Funded by the Austrian Federal Ministry of Economic Affairs and Labor, restoration works began in 1995 by the Central Office of Architecture, and continued with architects Space International in 2001 and 2004.
Major exhibitions in the Center’s history include Schindler Houses: 100 Years in the Making (2022), an exhibition celebrating the first century of the modernist house;[2] AMEND (2020), an exhibition and series of four performances by multi-disciplinary artist Chris Emile that explores Black male identity through cinema, sculpture and sound;[3] Soft Schindler (2019) showed the 'incompleteness' of binary ideas in architecture, sculpture, and design;[4] How to Read El Pato Pascual: Disney's Latin America and Latin America's Disney (2017), curated by Jesse Lerner and Rubén Ortiz Torres, presented as part of Getty's Pacific Standard Time: LA/LA and considering questions of cultural appropriation and exchange through Disney characters; Routine Pleasures (2016), curated by Michael Ned Holte, promoted the idea of the “termite tendency” in art production via the work of sixteen Los Angeles-based producers; A Vast Furniture by Carmen Argote changed the terms in which to consider the Schindler House's location and history; Tony Greene: Room of Advances (2014) sustained a three-month public dialogue about art and activism in the LGBTQ community; and Everything Loose Will Land (2013), curated by UCLA scholar Sylvia Lavin, explored the cross-pollination that took place between architects and artists in the region in the 1970s.

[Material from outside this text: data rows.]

Lemma layout_down k x : (k.+1 < size fs)%N ->
  nth 0 fs k < x -> x < nth 0 fs k.+1 -> dir k = false ->
  forall z, z \in phi -> z.1 < x -> z.2 < x.
Proof.
move=> hk ax xb dk z hz zx.
have fa := layout_nth_fix (ltnW hk).
case: (ltgtP z.1 (nth 0 fs k)) => za.
- have e := layout_piso hz fa; rewrite /= za in e.
  exact: lt_trans (esym e) ax.
- have := layout_dir hk hz; rewrite dk za (lt_trans zx xb) => /(_ isT) h.
  exact: lt_trans h zx.
- case: z hz zx za => a b hz /= _ ab; rewrite ab in hz.
  by rewrite (partial_iso_fun layout_piso hz fa).
Qed.

Lemma layout_gap_monotone k : (k.+1 < size fs)%N ->
  if dir k then p_increasing phi (nth 0 fs k) (nth 0 fs k.+1)
  else p_decreasing phi (nth 0 fs k) (nth 0 fs k.+1).
Proof.
move=> hk; have f1 := layout_nth_fix (ltnW hk); have f2 := layout_nth_fix hk.
case E: (dir k); (split; [done|split; [done|]]) => x hx hin;
  by have := layout_dir hk hx hin; rewrite E.
Qed.

Lemma layout_top_or_below z x : z \in phi ->
  (z.1 < last 0 fs -> z.1 <= x) -> (z.2 < last 0 fs -> z.2 <= x) ->
  z = (last 0 fs, last 0 fs) \/ (z.1 <= x /\ z.2 <= x).
Proof.
move=> hz h1 h2.
have lastin : last 0 fs \in fs by case: fs layout_ne => //= a t _; rewrite mem_last.
have /andP[_ z1M] := layout_dom hz; have /andP[_ z2M] := layout_ran hz.
case: (ltgtP z.1 (last 0 fs)) z1M => // [lt1 _|e1 _].
  case: (ltgtP z.2 (last 0 fs)) z2M => // [lt2 _|e2 _]; first by right; split; auto.
  by have := layout_fix_ran hz; rewrite e2 => /(_ lastin) e; rewrite e ltxx in lt1.
left; have e2 := layout_fix_dom hz; rewrite e1 in e2; move: (e2 lastin) e1.
by case: z {hz h1 h2 z2M e2} => a b /= -> ->.
Qed.

Lemma layout_gap_sides k s : (k.+1 < size fs)%N -> nth 0 fs k < s < nth 0 fs k.+1 ->
  (dir k -> forall z, z \in phi -> s < z.1 -> s < z.2) /\
  (dir k = false -> forall z, z \in phi -> z.1 < s -> z.2 < s).
Proof.
move=> hk /andP[hs1 hs2]; split=> dk; last exact: layout_down hk hs1 hs2 dk.
apply: (layout_up hk hs1 (lexx s) hs2 dk).
by move=> z _ a b; move: (lt_le_trans a b); rewrite ltxx.
Qed.

End LayoutTheory.

Lemma layout_pinv phi fs dir : layout phi fs dir -> layout (pinv phi) fs (fun k => ~~ dir k).
Proof.
move=> S; split.
- exact: partial_iso_pinv (layout_piso S).
- by split; [exact: layout_sorted S|exact: layout_ne S].
- by apply/allP => c hc; rewrite mem_pinv /=; exact (layout_fix S hc).
- by move=> z; rewrite mem_pinv => hz; have := layout_ran S hz.
- move=> k z hk; rewrite mem_pinv => hz hin.
  have f1 := layout_nth_fix S (ltnW hk); have f2 := layout_nth_fix S hk.
  have e1 := layout_piso S f1 hz; have e2 := layout_piso S hz f2; rewrite /= in e1 e2.
  have hin2 : nth 0 fs k < z.2 < nth 0 fs k.+1 by rewrite e1 e2.
  have := layout_dir S hk hz; rewrite /= => /(_ hin2); by case: (dir k).
Qed.

Lemma layout_dir_ext phi fs d1 d2 : (forall k, d1 k = d2 k) -> layout phi fs d1 -> layout phi fs d2.
Proof.
move=> e [h1 h2 h3 h4 h5]; split=> // k z hk hz hin; rewrite -e; exact: h5.
Qed.

Lemma layout_cons phi fs dir s y k : layout phi fs dir -> (k.+1 < size fs)%N ->
  nth 0 fs k < s < nth 0 fs k.+1 ->
  (forall z, z \in phi -> z.1 != s) ->
  (forall z, z \in phi -> z.1 < s -> z.2 < y) ->
  (forall z, z \in phi -> s < z.1 -> y < z.2) ->
  (if dir k then s < y else y < s) -> layout ((s, y) :: phi) fs dir.
Proof.
move=> S hk hs ns Hlo Hup hd.
have P := layout_piso S.
have key : forall z, z \in phi -> (s < z.1) = (y < z.2) /\ (z.1 < s) = (z.2 < y).
  move=> z hz; case: (ltgtP s z.1) => sz.
  - by have := Hup _ hz sz => h; rewrite h (lt_gtF h).
  - by have := Hlo _ hz sz => h; rewrite h (lt_gtF h).
  - by have := ns _ hz; rewrite sz eqxx.
split.
- move=> a b; rewrite !inE => /orP[/eqP->|ha] /orP[/eqP->|hb] //=.
  + by rewrite !ltxx.
  + by case: (key _ hb).
  + by case: (key _ ha).
  + exact: P.
- by split; [exact: layout_sorted S|exact: layout_ne S].
- by apply/allP => c hc; rewrite inE (layout_fix S hc) orbT.
- move=> z; rewrite inE => /orP[/eqP->|hz] /=; last exact (layout_dom S hz).
  case/andP: hs => h1 h2; apply/andP; split.
    have hh := sorted_head_le_nth (layout_sorted S) (ltnW hk); exact: le_trans hh (ltW h1).
  have hh := sorted_nth_le_last (layout_sorted S) hk; exact: le_trans (ltW h2) hh.
- move=> j z hj; rewrite inE => /orP[/eqP->|hz] /= hin; last exact (layout_dir S hj hz hin).
  by rewrite -(sorted_gap_uniq (layout_sorted S) hk hj hs hin).
Qed.

Lemma layout_cons_exists phi fs dir s k (eLo eUp Av : seq rat) :
  layout phi fs dir -> (k.+1 < size fs)%N -> nth 0 fs k < s < nth 0 fs k.+1 ->
  (forall l, l \in eLo -> (forall z, z \in phi -> s < z.1 -> l < z.2) /\ (~~ dir k -> l < s)) ->
  (forall u, u \in eUp -> (forall z, z \in phi -> z.1 < s -> z.2 < u) /\ (dir k -> s < u)) ->
  (forall l u, l \in eLo -> u \in eUp -> l < u) ->
  exists y, [/\ forall z, z \in phi -> z.1 < s -> z.2 < y,
                forall z, z \in phi -> s < z.1 -> y < z.2,
                (if dir k then s < y else y < s),
                (forall l, l \in eLo -> l < y) /\ (forall u, u \in eUp -> y < u) & y \notin Av].
Proof.
move=> S hk hs HL HU HLU.
have P := layout_piso S.
set Lo := [seq z.2 | z <- phi & z.1 < s] ++ (if dir k then [:: s] else [::]) ++ eLo.
set Up := [seq z.2 | z <- phi & s < z.1] ++ (if dir k then [::] else [:: s]) ++ eUp.
have [upl downl] := layout_gap_sides S hk hs.
have [y [yL yU yA]] :
    exists y, [/\ forall l, l \in Lo -> l < y, forall u, u \in Up -> y < u & y \notin Av].
  apply: exists_separating_notin => l u; rewrite !mem_cat => hl hu.
  case/orP: hl => [/mapP[z]|hl].
    rewrite mem_filter => /andP[zs hz] ->.
    case/orP: hu => [/mapP[w]|hu].
      rewrite mem_filter => /andP[sw hw] ->.
      by have := P _ _ hz hw; rewrite (lt_trans zs sw) => <-.
    case/orP: hu => [|hu]; last by case: (HU _ hu) => h _; apply: h.
    by case E: (dir k) => //; rewrite inE => /eqP ->; apply: downl.
  case/orP: hl => [|hl].
    case E: (dir k) => //; rewrite inE => /eqP ->.
    case/orP: hu => [/mapP[w]|hu].
      by rewrite mem_filter => /andP[sw hw] ->; apply: upl.
    case/orP: hu => [|hu]; first by rewrite E in_nil.
    by case: (HU _ hu) => _ h; apply: h; rewrite E.
  case/orP: hu => [/mapP[w]|hu].
    by rewrite mem_filter => /andP[sw hw] ->; case: (HL _ hl) => h _; apply: h.
  case/orP: hu => [|hu]; last exact: HLU.
  by case E: (dir k) => //; rewrite inE => /eqP ->; case: (HL _ hl) => _ h; apply: h; rewrite E.
exists y; split.
- move=> z hz zs; apply: yL; rewrite mem_cat; apply/orP; left.
  by apply/mapP; exists z => //; rewrite mem_filter zs hz.
- move=> z hz zs; apply: yU; rewrite mem_cat; apply/orP; left.
  by apply/mapP; exists z => //; rewrite mem_filter zs hz.
- case E: (dir k).
    by apply: yL; rewrite !mem_cat E inE eqxx orbT.
  by apply: yU; rewrite !mem_cat E inE eqxx orbT.
- by split=> [l hl|u hu]; [apply: yL|apply: yU]; rewrite !mem_cat ?hl ?hu !orbT.
- exact: yA.
Qed.

Lemma sorted_head_le (s : seq rat) x : sorted <=%R s -> x \in s -> head 0 s <= x.
Proof.
case: s => // a t /= st; rewrite inE => /orP[/eqP->//|xt].
have := order_path_min (@le_trans _ rat) st => /allP; by apply.
Qed.

Lemma sorted_le_last (s : seq rat) x : sorted <=%R s -> x \in s -> x <= last 0 s.
Proof.
case: s => // a t /=; elim: t a x => [|b t IH] a x /=.
  by move=> _; rewrite inE => /eqP->.
case/andP=> ab st; rewrite inE => /orP[/eqP->|xt].
  apply: (le_trans ab); exact: IH _ _ st (mem_head _ _).
exact: IH _ _ st xt.
Qed.

Lemma dmin_le p z : z \in p -> dmin p <= z.1.
Proof.
move=> hz; rewrite /dmin; apply: sorted_head_le; first exact: sort_le_sorted.
by rewrite mem_sort; apply/mapP; exists z.
Qed.

Lemma dmax_ge p z : z \in p -> z.1 <= dmax p.
Proof.
move=> hz; rewrite /dmax; apply: sorted_le_last; first exact: sort_le_sorted.
by rewrite mem_sort; apply/mapP; exists z.
Qed.

Lemma dmin_mem p : p != [::] -> dmin p \in dom p.
Proof.
move=> ne; rewrite /dmin -(mem_sort <=%R (dom p)).
case E: (sort _ _) => [|a t]; last by rewrite mem_head.
by move/(congr1 size): E; rewrite size_sort size_map /= => /eqP; rewrite size_eq0 (negbTE ne).
Qed.

Lemma dmax_mem p : p != [::] -> dmax p \in dom p.
Proof.
move=> ne; rewrite /dmax -(mem_sort <=%R (dom p)).
case E: (sort _ _) => [|a t]; last by rewrite /= mem_last.
by move/(congr1 size): E; rewrite size_sort size_map /= => /eqP; rewrite size_eq0 (negbTE ne).
Qed.

Lemma dmin_eq p a : (a, a) \in p -> (forall z, z \in p -> a <= z.1) -> dmin p = a.
Proof.
move=> ha H; have ne : p != [::] by case: p ha H.
have /mapP[z hz e] := dmin_mem ne.
apply/eqP; rewrite eq_le; have := dmin_le ha; rewrite /= => ->; by rewrite e H.
Qed.

Lemma dmax_eq p a : (a, a) \in p -> (forall z, z \in p -> z.1 <= a) -> dmax p = a.
Proof.
move=> ha H; have ne : p != [::] by case: p ha H.
have /mapP[z hz e] := dmax_mem ne.
apply/eqP; rewrite eq_le; have := dmax_ge ha; rewrite /= => ->; by rewrite e H.
Qed.

Lemma layout_dmin phi fs dir : layout phi fs dir -> dmin phi = head 0 fs.
Proof.
move=> S; apply: dmin_eq; first exact: layout_head_fix S.
by move=> z hz; case/andP: (layout_dom S hz).
Qed.

Lemma layout_dmax phi fs dir : layout phi fs dir -> dmax phi = last 0 fs.
Proof.
move=> S; apply: dmax_eq; first exact: layout_last_fix S.
by move=> z hz; case/andP: (layout_dom S hz).
Qed.

Lemma layout_informative phi fs dir : layout phi fs dir -> informative phi.
Proof.
move=> S; exists fs; split.
- exact: layout_ne S.
- exact: layout_sorted S.
- by rewrite (layout_dmin S) (layout_dmax S).
- by apply/allP => c hc; rewrite /fixedp; exact (layout_fix S hc).
- by move=> k hk; have := layout_gap_monotone S hk; case: (dir k); [left|right].
Qed.

Definition increasing_on (p : piso) (a b : rat) : bool :=
  all (fun x => (a < x.1 < b) ==> (x.1 < x.2)) p.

Additional past exhibitions include: Anarchitecture: Works by Gordon Matta-Clark (1997); Martin Kippenberger: The Last Stop West—METRO–Net Projects (1998); Architecture and Revolution: The Cuban National Art Schools (1999); Richard Prince: Up State (2000); Frederick J. Kiesler: Endless Space (2000–01), Gerald Zugmann, “Blue Universe: Architectural Manifestos by COOP HIMMELB(L)AU” (2002), Skip Arnold, 835 North Kings Road (2003), Contemporary Architects Face Schindler Today (2003), Yves Klein: Air Architecture (2004); Amir Zaki: Spring Through Winter (2005); Gunther Domenig: Structures that Fit My Nature (2005); Issac Julien: True North (2005); Symmetry (2006); Repeat: Brandon Lattu (2006); The Gen(H)ome Project (2006); Arnulf Rainer: Hypergraphics (2007); and Victor Burgin: The Little House (2007).
Residents live and work at the Mackey Apartments and present projects in exhibitions at the end of their term in March and September.
The Center initiated a twice-yearly exhibition series, Garage Exchange, in 2012, which invites alumni residents to collaborate with Los Angeles artists and architects of their choosing.